On May 18, 2022, Kanter delivered the New York City Bar Association's Milton Handler Lecture in which he reiterated several themes from his earlier address, in both his prepared remarks and the Q & A session that followed. Notably, Kanter emphasized the importance of this duty to litigate to merits determinations and argued for the use of "flexible tools that are administrable by the agencies and the courts." In practice, Kanter indicated this would work by asserting more presumptions, found in the case law from the past 110 plus years of enforcement since Standard Oil.5 He proffered that this method of litigation relying on presumptions would provide predictability for businesses and save all parties the months of analysis for complex econometric models pervasive in recent years.

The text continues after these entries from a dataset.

Lemma sat_field_GAS0 beta : 0 < beta -> GAS0 (sat_field beta).
Proof.
intros Hbeta.
assert (Hdiss : forall y, y * sat_field beta y <= 0)
  by (intros; apply sat_field_dissipative; lra).
split; [unfold sat_field, Rdiv; ring|].
split; [exact (dissipative_lyap_stable0 _ Hdiss)|].
apply (dissipative_converges_to_0 _ Hdiss).
intros eta M Heta. exists (beta * (eta * eta) / sqrt (1 + M ^ 2)).
pose proof (sqrt_1_plus_sq_pos M).
split; [apply Rdiv_lt_0_compat; [apply Rmult_lt_0_compat; nra|lra]|].
intros y Hy HyM. rewrite mul_sat_field.
pose proof (sqrt_1_plus_sq_pos y).
assert (Hsq : sqrt (1 + y ^ 2) <= sqrt (1 + M ^ 2)) by (apply sqrt_le_1_alt; simpl; nra).
enough (beta * (eta * eta) / sqrt (1 + M ^ 2) <= beta * (y * y) / sqrt (1 + y ^ 2)) by lra.
unfold Rdiv. apply Rmult_le_compat; [nra|left; apply Rinv_0_lt_compat; lra|nra|].
apply Rinv_le_contravar; lra.
Qed.

Lemma sat_field_derivative_0 beta : derivable_pt_lim (sat_field beta) 0 (- beta).
Proof.
unfold sat_field. apply is_derive_Reals. auto_derive.
- replace (1 + 0 * (0 * 1)) with 1 by ring. rewrite sqrt_1. repeat split; lra.
- replace (1 + 0 * (0 * 1)) with 1 by ring. rewrite sqrt_1. field.
Qed.

Lemma linear_AS0 a : a < 0 -> AS0 (fun y => a * y).
Proof.
intros Ha.
assert (Hdiss : forall y, y * (a * y) <= 0) by (intros; nra).
split; [ring|]. split; [exact (dissipative_lyap_stable0 _ Hdiss)|].
exists 1. split; [lra|]. intros x Hx _.
apply (dissipative_converges_to_0 _ Hdiss); [|exact Hx].
intros eta M Heta. exists (- a * (eta * eta)). split; [apply Rmult_lt_0_compat; nra|].
intros y Hy _. assert (0 <= - a * (y * y - eta * eta)) by (apply Rmult_le_pos; lra). nra.
Qed.

Theorem lemma2 (eps beta : R) (Heps : 1 < eps) (Hbeta : 0 < beta) :
  let f := fun x : R => - beta * x / sqrt (1 + x ^ 2) in
  SISS_L f (beta / 2) (2 * eps / beta) /\ GAS0 f /\ linearization_AS0 f.
Proof.
intros f. split; [|split].
- exact (sat_field_SISS_L eps beta Heps Hbeta).
- exact (sat_field_GAS0 beta Hbeta).
- exists (- beta). split; [exact (sat_field_derivative_0 beta)|apply linear_AS0; lra].
Qed.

Indeed, Kanter quoted Professor Milton Handler himself in remarks made in 1990, at the centennial of the Sherman Act, noting that "the combination of a policy of minimal antitrust enforcement and the glorification of efficiency ha[d] reduced antitrust to [a] parlous condition." If one takes Kanter for his word, the monopoly maintenance case law is about to grow immensely under the DOJ's guidance over the next several years.

Footnotes

1. See FTC v. AbbVie Inc., 107 F. Supp. 3d 428 (E.D. Pa. May 6, 2015); McWane, Inc. v. FTC, 783 F.3d 814 (11 Cir. 2015); King Drug Co. of Florence, Inc. v. Cephalon, Inc., Nos. 2:06–cv–1797, 2:06–cv–1833, 2:06–cv–2768, 2:08–cv–2141, 2014 WL 982848 (E.D. Pa. Mar. 13, 2014) (consolidated case including case brought by FTC).

2. See FTC v. Endo Pharms. Inc., No. 1:21-cv-217-RCL, 2022 WL 951640 (D.D.C. Mar. 30, 2022); FTC v. Shkreli, No. 20-cv-00706-DLC, 2022 WL 135026 (S.D.N.Y. Jan. 14, 2022); FTC v. Facebook, Inc., No. 20-3590-JEB, 2022 WL 103308 (D.D.C. Jan. 11, 2022).

3. See United States v. Microsoft Corp., 253 F.3d 34 (D.C. Cir. 2001).

4. Cf.  Feb. 27, 2022 Wayback Machine Internet Archive capture, at https://web.archive.org/web/20220227215901/https://www.justice.gov/jm/jm-7-2000-prior-approvals.

5. Standard Oil Co. of New Jersey v. United States, 221 U.S. 1, 58 (1911).